GM2-Gangliosidosis (GM2)
GM2-Gangliosidosis (GM2)
General description
GM2 gangliosidosis also called Sandhoff disease, is a fatal, progressive neurodegenerative lysosomal storage disease. A metabolic disorder leads to a progressive destruction of the central nervous system. First symptoms appear at the age of 9 to 12 months and typically include loss of vision, walking difficulties, loss of balance, head tremors and vomiting and get more severe o ver time.
Breeds
Japanese Chin, Miniature Poodle, Shiba, Toy Poodle
Order details
| Test number | 8208 |
| Sample material | 0.5 ml EDTA blood, 2x cheek swab, 1x special swab (eNAT) |
| Test duration | 7-14 working days |
Test specifications
| Inheritance | autosomal recessive |
Detailed description
GM2 gangliosidosis is a fatal, progressive neurodegenerative lysosomal storage disease caused by mutations in the HEXB gene.

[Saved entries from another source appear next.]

Lemma IZR_neq_quarter n : IZR n <> / 4.
Proof.
  intros H. assert (H4 : IZR (4 * n) = IZR 1) by (rewrite mult_IZR, H; cbn; field).
  apply eq_IZR in H4. lia.
Qed.

(* If [q L = mu^-1 p L], then [mu p^-1 q] and [mu^-1 q^-1 p] are Lipschitz and the
   product of their real parts is [Re(p^-1 q)^2]. *)
Lemma not_homothetic_Dm p q : qnorm2 p = 1 -> qnorm2 q = 1 ->
  (forall n : Z, IZR n <> qr (qmul (qconj p) q) ^ 2) -> ~ homothetic (Dm q) (Dm p).
Proof.
  intros Hp Hq Hn [mu [Hmu H]].
  assert (Hx : row_module (Dm p) (qscale mu q)).
  { apply H, row_module_Dm. exists qone; split; [apply lipschitz1 | now rewrite qmulq1]. }
  assert (Hy : row_module (Dm q) (qscale (/ mu) p)).
  { apply H, row_module_Dm. exists qone; split; [apply lipschitz1 |].
    rewrite qscaleA, Rinv_r, qscale1, qmulq1; auto. }
  apply row_module_Dm in Hx as (x & (a & a1 & a2 & a3 & ->) & Eq).
  apply row_module_Dm in Hy as (y & (b & b1 & b2 & b3 & ->) & Ep).
  apply (f_equal (qmul (qconj p))) in Eq. apply (f_equal (qmul (qconj q))) in Ep.
  rewrite qmul_conj_unitK, qmul_scaler in Eq, Ep by auto.
  apply (f_equal qr) in Eq, Ep. unfold qscale, zquat in Eq, Ep. cbn [qr] in Eq, Ep.
  rewrite qr_conj_mulC in Ep.
  apply (Hn (a * b)%Z). rewrite mult_IZR, <- Eq, <- Ep. field; auto.
Qed.

Definition lipschitz_unit (v : quat) : Prop :=
  v = Quat 1 0 0 0 \/ v = Quat (-1) 0 0 0 \/ v = Quat 0 1 0 0 \/ v = Quat 0 (-1) 0 0 \/
  v = Quat 0 0 1 0 \/ v = Quat 0 0 (-1) 0 \/ v = Quat 0 0 0 1 \/ v = Quat 0 0 0 (-1).

(* [(tau x T)^3 = [[x^3 + 2x, x^2 + 1], [x^2 + 1, x]]]. *)
Lemma tauT_cube x : qadd (qmul x x) qone = qzero ->
  mmul (mmul (tau x) Tm) (mmul (mmul (tau x) Tm) (mmul (tau x) Tm)) = Dm x.
Proof.
  intros Hx.
  assert (EM : mmul (tau x) Tm = Mat2 x qone qone qzero) by (destruct_quats; quat_ext; ring).
  rewrite EM; unfold mmul, Dm; cbn.
  rewrite ?qmul1q, ?qmulq1, ?qmul0q, ?qmulq0, ?qadd0q, ?qaddq0, Hx.
  now rewrite ?qmulq0, ?qadd0q.
Qed.

Lemma PSL2_L_Dm_omega b c d :
  qadd (qmul (omega b c d) (omega b c d)) qone = qzero -> PSL2_L (Dm (omega b c d)).
Proof.
  intros Hx. rewrite <- (tauT_cube _ Hx).
  assert (HM : PSL2_L (mmul (tau (omega b c d)) Tm)).
  { apply gen_grp_mul; apply gen_grp_gen; [right; eauto | now left]. }
  now apply gen_grp_mul; [| apply gen_grp_mul].
Qed.

Lemma PSL2_L_Dm_opp v u : PSL2_L (Dm v) -> u = qscale (-1) v -> PSL2_L (Dm u).
Proof.
  intros Hv ->. apply (gg_proj _ _ _ Hv). exists (-1); split; [lra | apply Dm_scale].
Qed.

Lemma PSL2_L_Dm_lipschitz_unit v : lipschitz_unit v -> PSL2_L (Dm v).
Proof.
  assert (H1 : PSL2_L (Dm (Quat 1 0 0 0))) by apply gg_one.
  assert (Hi : PSL2_L (Dm (Quat 0 1 0 0)))
    by (apply (PSL2_L_Dm_omega 1 0 0); quat_ext; ring).
  assert (Hj : PSL2_L (Dm (Quat 0 0 1 0)))
    by (apply (PSL2_L_Dm_omega 0 1 0); quat_ext; ring).
  assert (Hk : PSL2_L (Dm (Quat 0 0 0 1)))
    by (apply (PSL2_L_Dm_omega 0 0 1); quat_ext; ring).
  intros [-> | [-> | [-> | [-> | [-> | [-> | [-> | ->]]]]]]]; auto;
    [apply (PSL2_L_Dm_opp _ _ H1) | apply (PSL2_L_Dm_opp _ _ Hi)
    | apply (PSL2_L_Dm_opp _ _ Hj) | apply (PSL2_L_Dm_opp _ _ Hk)]; quat_ext; ring.
Qed.

Definition hw : quat := Quat (/ 2) (/ 2) (/ 2) (/ 2).

Lemma qnorm2_qpow_hw k : qnorm2 (qpow hw k) = 1.
Proof.
  induction k as [|k IH]; cbn [qpow].
  - unfold qnorm2, qone; cbn; ring.
  - rewrite qnorm2M, IH. unfold qnorm2, hw; cbn; field.
Qed.

Lemma Tm_mul_Dm u : mmul Tm (Dm u) = mmul (Dm u) Tm.
Proof. destruct_quats; quat_ext; ring. Qed.

Lemma tau_mul_Dhw b c d :
  mmul (tau (omega b c d)) (Dm hw) = mmul (Dm hw) (tau (omega c d b)).
Proof. unfold hw; quat_ext; field. Qed.

Lemma PSL2_L_mul_Dhw l :
  PSL2_L l -> exists l', PSL2_L l' /\ mmul l (Dm hw) = mmul (Dm hw) l'.
Proof.
  apply (gen_grp_ind_left gens_L
    (fun l => exists l', PSL2_L l' /\ mmul l (Dm hw) = mmul (Dm hw) l'));
    auto using gens_L_inv.
  - exists mid; split; [apply gg_one | now rewrite mmul_1m, mmul_m1].
  - intros g h Hg (h' & Hh' & E). rewrite mmul_assoc, E, <- mmul_assoc.
    destruct Hg as [-> | (b & c & d & ->)].
    + rewrite Tm_mul_Dm, mmul_assoc. exists (mmul Tm h'); split; auto.
      apply gg_mul; auto. now left.
    + rewrite tau_mul_Dhw, mmul_assoc. exists (mmul (tau (omega c d b)) h'); split; auto.
      apply gg_mul; auto. right; eauto.
  - intros A B (A' & HA' & E) [s [Hs ->]].
    exists (mscale s A'); split.
    + apply (gg_proj _ _ _ HA'). exists s; auto.
    + now rewrite mmul_scalel, mmul_scaler, E.
Qed.

Lemma PSL2_L_mul_Dhw_pow k l : PSL2_L l ->
  exists l', PSL2_L l' /\ mmul l (Dm (qpow hw k)) = mmul (Dm (qpow hw k)) l'.
Proof.
  revert l; induction k as [|k IH]; intros l Hl.
  - exists l; split; auto. change (Dm (qpow hw 0)) with mid. now rewrite mmul_1m, mmul_m1.
  - cbn [qpow]. rewrite <- Dm_mul, <- mmul_assoc.
    destruct (IH l Hl) as (l1 & Hl1 & ->).
    destruct (PSL2_L_mul_Dhw l1 Hl1) as (l2 & Hl2 & E).
    exists l2; split; auto. now rewrite mmul_assoc, E, mmul_assoc.
Qed.

Lemma Dm_qpow_hw_mod3 k :
  exists r, (r < 3)%nat /\ proj_eq (Dm (qpow hw k)) (Dm (qpow hw r)).
Proof.
  induction k as [|k (r & Hr & P)].
  - exists 0%nat; split; [lia | apply proj_eq_refl].
  - assert (P' : proj_eq (Dm (qpow hw (S k))) (Dm (qpow hw (S r)))).
    { cbn [qpow]. rewrite <- !Dm_mul. now apply proj_eq_mulr. }
    destruct (Nat.eq_dec r 2) as [-> | Hr2].
    + exists 0%nat; split; [lia |]. apply (proj_eq_trans _ _ _ P').
      exists (-1); split; [lra |]. unfold hw; cbn [qpow]; quat_ext; field.
    + exists (S r); split; [lia | exact P'].
Qed.

Lemma PSL2_H_Dm_qpow_hw k : PSL2_H (Dm (qpow hw k)).
Proof.
  induction k as [|k IH]; [apply gg_one |].
  cbn [qpow]; rewrite <- Dm_mul. apply gen_grp_mul; [exact IH |].
  apply gen_grp_gen. right. exists hw; split; auto.
  do 8 right. unfold hw; cbn. rewrite Rabs_pos_eq by lra. auto.
Qed.

Lemma hurwitz_unit_qnorm2 u : hurwitz_unit u -> qnorm2 u = 1.
Proof.
  unfold qnorm2.
  intros [-> | [-> | [-> | [-> | [-> | [-> | [-> | [-> | (H0 & H1 & H2 & H3)]]]]]]]];
    [cbn; ring .. |].
  rewrite <- (pow2_abs (qr u)), <- (pow2_abs (qi u)), <- (pow2_abs (qj u)),
    <- (pow2_abs (qk u)), H0, H1, H2, H3. field.
Qed.

Lemma hurwitz_unit_conj u : hurwitz_unit u -> hurwitz_unit (qconj u).
Proof.
  unfold hurwitz_unit, qconj.
  intros [-> | [-> | [-> | [-> | [-> | [-> | [-> | [-> | (H0 & H1 & H2 & H3)]]]]]]]];
    [left | right; left | do 3 right; left | do 2 right; left | do 5 right; left
    | do 4 right; left | do 7 right; left | do 6 right; left | do 8 right];
    [quat_ext; ring .. |].
  cbn; rewrite !Rabs_Ropp; auto.
Qed.

Lemma gens_H_inv g : gens_H g -> exists gi, gens_H gi /\ mmul g gi = mid.
Proof.
  intros [HL | (u & Hu & ->)].
  - destruct (gens_L_inv g HL) as (gi & Hgi & E). exists gi; split; auto. now left.
  - exists (Dm (qconj u)); split.
    + right. exists (qconj u); auto using hurwitz_unit_conj.
    + now rewrite Dm_mul, qmul_conjr, hurwitz_unit_qnorm2.
Qed.

Lemma qconj_qpow_hw1 : qconj (qpow hw 1) = qscale (/ 2) (zquat 1 (-1) (-1) (-1)).
Proof. unfold hw, zquat; cbn [qpow]; quat_ext; field. Qed.
Lemma qconj_qpow_hw2 : qconj (qpow hw 2) = qscale (/ 2) (zquat (-1) (-1) (-1) (-1)).
Proof. unfold hw, zquat; cbn [qpow]; quat_ext; field. Qed.

Lemma lipschitz_unit_quarter a b c d :
  In (a, b, c, d) [(4, 0, 0, 0); (-4, 0, 0, 0); (0, 4, 0, 0); (0, -4, 0, 0);
                   (0, 0, 4, 0); (0, 0, -4, 0); (0, 0, 0, 4); (0, 0, 0, -4)]%Z ->
  lipschitz_unit (qscale (/ 2 * / 2) (zquat a b c d)).
Proof.
  unfold lipschitz_unit, zquat.
  intros [E | [E | [E | [E | [E | [E | [E | [E | []]]]]]]]]; injection E as <- <- <- <-;
    [left | right; left | do 2 right; left | do 3 right; left | do 4 right; left
    | do 5 right; left | do 6 right; left | do 7 right]; quat_ext; field.
Qed.

Lemma Rabs_half_sign x :
  Rabs x = / 2 -> exists s : Z, (s = 1 \/ s = -1)%Z /\ x = / 2 * IZR s.
Proof.
  unfold Rabs; destruct (Rcase_abs x); intros Hx; [exists (-1)%Z | exists 1%Z];
    split; auto; cbn; lra.
Qed.

(* For a half unit [u = (s0 + s1 i + s2 j + s3 k) / 2], the candidate
   [v = conj(hw^m) u] is a quarter of an integer quaternion, decided by computing in Z. *)
Ltac hurwitz_witness m :=
  exists m; split; [lia |];
  match goal with |- exists v, _ /\ ?u = _ =>
    exists (qmul (qconj (qpow hw m)) u); split;
      [ rewrite ?qconj_qpow_hw1, ?qconj_qpow_hw2, qmul_scale, qmul_zquat;
        apply lipschitz_unit_quarter; cbn; tauto
      | now rewrite qmul_unit_conjK by apply qnorm2_qpow_hw ]
  end.

Lemma hurwitz_unit_decomp u : hurwitz_unit u ->
  exists m, (m < 3)%nat /\ exists v, lipschitz_unit v /\ u = qmul (qpow hw m) v.
Proof.
  intros [Hu | [Hu | [Hu | [Hu | [Hu | [Hu | [Hu | [Hu | (H0 & H1 & H2 & H3)]]]]]]]].
  1-8: exists 0%nat; split; [lia |]; exists u; split;
         [unfold lipschitz_unit; tauto | cbn [qpow]; now rewrite qmul1q].
  destruct (Rabs_half_sign _ H0) as (s0 & Hs0 & E0), (Rabs_half_sign _ H1) as (s1 & Hs1 & E1),
    (Rabs_half_sign _ H2) as (s2 & Hs2 & E2), (Rabs_half_sign _ H3) as (s3 & Hs3 & E3).
  replace u with (qscale (/ 2) (zquat s0 s1 s2 s3))
    by (destruct u; unfold zquat, qscale; cbn in *; congruence).
  destruct Hs0 as [-> | ->], Hs1 as [-> | ->], Hs2 as [-> | ->], Hs3 as [-> | ->].
  all: first [hurwitz_witness 1%nat | hurwitz_witness 2%nat].
Qed.

Definition in_hw_cosets (h : mat2) : Prop :=
  exists k l, PSL2_L l /\ proj_eq h (mmul (Dm (qpow hw k)) l).

Lemma in_hw_cosets_proj A B : in_hw_cosets A -> proj_eq B A -> in_hw_cosets B.
Proof.
  intros (k & l & Hl & P) P'. exists k, l; split; auto. eapply proj_eq_trans; eauto.
Qed.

Affected dogs are unable to break down certain enzymes, which are essential to degrade the neuronal membrane-component ganglioside GM2 in visceral tissue. Accumulation of these metabolites leads to a progressive destruction of the central nervous system. First symptoms of this neurologic disease appear at the age of 9 to 12 months and typically include loss of vision, walking difficulties, loss of balance, head tremors and vomiting. The disease progresses rapidly and dogs usually die between the age of 18 and 23 months.